**TO DO**. Lines with the word "kappa" are the ones wanted. Copy each of them from the entries below.

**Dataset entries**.
****************
(* A configuration of n points: p : nat -> pt, only p 0 .. p (n-1) matter;
   indices are taken modulo n. *)
Definition nxt (n k : nat) : nat := (S k) mod n.
Definition prv (n k : nat) : nat := (k + n - 1) mod n.

Definition edge_len (n : nat) (p : nat -> pt) (k : nat) : R :=
  pnorm (psub (p (nxt n k)) (p k)).

Definition closed_curve (n : nat) (p : nat -> pt) : Prop :=
  (3 <= n)%nat /\ forall k, (k < n)%nat -> edge_len n p k <> 0.

Definition Rsig (sigma : R) : pt -> pt := rot (sigma * (PI / 2)).

Definition normal (sigma : R) (n : nat) (p : nat -> pt) (k : nat) : pt :=
  Rsig sigma (pscal (/ edge_len n p k) (psub (p (nxt n k)) (p k))).

Definition Len (n : nat) (q : nat -> pt) : R :=
  sum_n (fun k => edge_len n q k) (n - 1).
Definition Vol (sigma : R) (n : nat) (q : nat -> pt) : R :=
  / 2 * sum_n (fun k => pdot (q k) (normal sigma n q k) * edge_len n q k) (n - 1).

Definition upd (q : nat -> pt) (k : nat) (v : pt) : nat -> pt :=
  fun j => if Nat.eqb j k then v else q j.

Definition grad_at (F : (nat -> pt) -> R) (q : nat -> pt) (k : nat) (g : pt) : Prop :=
  is_derive (fun t => F (upd q k (fst (q k) + t, snd (q k)))) 0 (fst g) /\
  is_derive (fun t => F (upd q k (fst (q k), snd (q k) + t))) 0 (snd g).

Definition equilibrium (sigma kappa : R) (n : nat) (p : nat -> pt) : Prop :=
  forall k, (k < n)%nat ->
    exists gL gV, grad_at (Len n) p k gL /\ grad_at (Vol sigma n) p k gV /\
      padd gL (pscal kappa gV) = (0, 0).

(* Write T_j = (p_{j+1} - p_j) / l_j for the unit tangents and J_sigma = R_{sigma pi/2}.
   1. Gradients (valid for any closed curve): differentiating the sums defining L and Vol
      along a motion of the single point p_k gives
        grad_{p_k} L = T_{k-1} - T_k,    grad_{p_k} Vol = 1/2 J_sigma (p_{k+1} - p_{k-1}),
      so equilibrium is a force balance at each vertex ([equilibrium_iff_balanced]).
   2. Equal lengths l: the balance at p_k reads
        (T_{k-1} - T_k) + lambda J_sigma (T_{k-1} + T_k) = 0,   lambda = kappa l / 2,
      and the turning relation of the normals gives T_k = R_{sigma theta_k} T_{k-1}.
   3. Planar trigonometry: in the orthogonal frame (T_{k-1}, J_sigma T_{k-1}) the left side
      has coefficients 2 sin h (sin h - lambda cos h) and -2 cos h (sin h - lambda cos h),
      h = theta_k / 2, which vanish iff cos h <> 0 and tan h = lambda, i.e. iff theta_k <> pi
      and 2 / l tan (theta_k / 2) = kappa ([vertex_balance]). *)

From Stdlib Require Import Reals Lra Lia.
From Coquelicot Require Import Coquelicot.
Open Scope R_scope.

(* Coquelicot states sums in the carrier of [R_AbelianMonoid]; restating such an equality
   at type [R] makes it accessible to [ring]. *)
Ltac ring_R := match goal with |- ?a = ?b => change (a = b :> R); ring end.

(* Cyclic indices.  [nxt n] and [prv n] are mutually inverse on {0,..,n-1}; this is what
   lets a sum over edges pick out the two edges incident to a vertex. *)
Lemma prv_lt (n k : nat) : (1 <= n)%nat -> (prv n k < n)%nat.
Proof. intros; unfold prv; apply Nat.mod_upper_bound; lia. Qed.

Lemma nxt_prv (n k : nat) : (k < n)%nat -> nxt n (prv n k) = k.
Proof.
  intros Hk; unfold nxt, prv.
  destruct k as [| k].
  - rewrite (Nat.mod_small (0 + n - 1)) by lia.
    replace (S (0 + n - 1)) with n by lia; apply Nat.Div0.mod_same.
  - replace (S k + n - 1)%nat with (k + 1 * n)%nat by lia.
    rewrite Nat.Div0.mod_add, (Nat.mod_small k) by lia; apply Nat.mod_small; lia.
Qed.

Lemma prv_nxt (n j : nat) : (j < n)%nat -> prv n (nxt n j) = j.
Proof.
  intros Hj; unfold nxt, prv.
  destruct (Nat.eq_dec (S j) n) as [Hlast | Hlast].
  - rewrite Hlast, Nat.Div0.mod_same, Nat.mod_small; lia.
  - rewrite (Nat.mod_small (S j)) by lia.
    replace (S j + n - 1)%nat with (j + 1 * n)%nat by lia.
    rewrite Nat.Div0.mod_add; apply Nat.mod_small; lia.
Qed.

Lemma nxt_eqb_prv (n j k : nat) : (j < n)%nat -> (k < n)%nat ->
  Nat.eqb (nxt n j) k = Nat.eqb j (prv n k).
Proof.
  intros Hj Hk.
  destruct (Nat.eqb_spec (nxt n j) k) as [E | E], (Nat.eqb_spec j (prv n k)) as [F | F];
    auto; exfalso.
  - apply F; rewrite <- E; symmetry; apply prv_nxt, Hj.
  - apply E; rewrite F; apply nxt_prv, Hk.
Qed.

Definition indb (b : bool) : R := if b then 1 else 0.

Lemma sum_indicator (f : nat -> R) (k m : nat) : (k <= m)%nat ->
  sum_n (fun j => indb (Nat.eqb j k) * f j) m = f k :> R.
Proof.
  induction m as [| m IH]; intros Hk.
  - rewrite sum_O; replace k with 0%nat by lia; simpl; ring.
  - rewrite sum_Sn; change (@plus R_AbelianMonoid) with Rplus.
    destruct (Nat.eq_dec k (S m)) as [-> | Hne].
    + rewrite (sum_n_ext_loc _ (fun _ => 0)), sum_n_const, Nat.eqb_refl.
      * cbv [indb]; ring.
      * intros j Hj; destruct (Nat.eqb_spec j (S m)); [lia | apply Rmult_0_l].
    + rewrite IH by lia; destruct (Nat.eqb_spec (S m) k); [lia | cbv [indb]; ring].
Qed.

Lemma sum_select (n k : nat) (f g : nat -> R) : (k < n)%nat ->
  sum_n (fun j => indb (Nat.eqb j k) * f j + indb (Nat.eqb (nxt n j) k) * g j) (n - 1)
  = f k + g (prv n k).
Proof.
  intros Hk.
  rewrite (sum_n_plus (G := R_AbelianMonoid)), sum_indicator by lia.
  rewrite (sum_n_ext_loc _ (fun j => indb (Nat.eqb j (prv n k)) * g j)).
  - rewrite sum_indicator; [reflexivity |].
    pose proof (prv_lt n k); lia.
  - intros j Hj; rewrite nxt_eqb_prv by lia; reflexivity.
Qed.

Lemma is_derive_sum (f : nat -> R -> R) (d : nat -> R) (m : nat) (x : R) :
  (forall j, (j <= m)%nat -> is_derive (f j) x (d j)) ->
  is_derive (fun t => sum_n (fun j => f j t) m) x (sum_n d m).
Proof.
  induction m as [| m IH]; intros H.
  - rewrite sum_O; eapply is_derive_ext; [| apply H; lia].
    intros t; rewrite sum_O; reflexivity.
  - rewrite sum_Sn; eapply is_derive_ext.
    2: apply (is_derive_plus (K := R_AbsRing) (V := R_NormedModule));
         [apply IH; intros; apply H; lia | apply H; lia].
    intros t; rewrite sum_Sn; reflexivity.
Qed.

Definition qturn (s : R) (u : pt) : pt := (- s * snd u, s * fst u).

Lemma cos_sin_signed (s theta : R) :
  s = 1 \/ s = -1 -> cos (s * theta) = cos theta /\ sin (s * theta) = s * sin theta.
Proof.
  intros [-> | ->].
  - rewrite !Rmult_1_l; auto.
  - replace (-1 * theta) with (- theta) by ring.
    rewrite cos_neg, sin_neg; split; ring.
Qed.

Lemma Rsig_qturn (sigma : R) (u : pt) :
  sigma = 1 \/ sigma = -1 -> Rsig sigma u = qturn sigma u.
Proof.
  intros Hs; unfold Rsig, rot, qturn.
  destruct (cos_sin_signed sigma (PI / 2) Hs) as [-> ->].
  rewrite cos_PI2, sin_PI2; f_equal; ring.
Qed.

Lemma rot_qturn (phi s : R) (u : pt) : rot phi (qturn s u) = qturn s (rot phi u).
Proof. unfold rot, qturn; simpl; f_equal; ring. Qed.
****************
**RESPONSE TO THE TASK**.
Definition equilibrium (sigma kappa : R) (n : nat) (p : nat -> pt) : Prop :=
      padd gL (pscal kappa gV) = (0, 0).
        (T_{k-1} - T_k) + lambda J_sigma (T_{k-1} + T_k) = 0,   lambda = kappa l / 2,
      and 2 / l tan (theta_k / 2) = kappa ([vertex_balance]). *)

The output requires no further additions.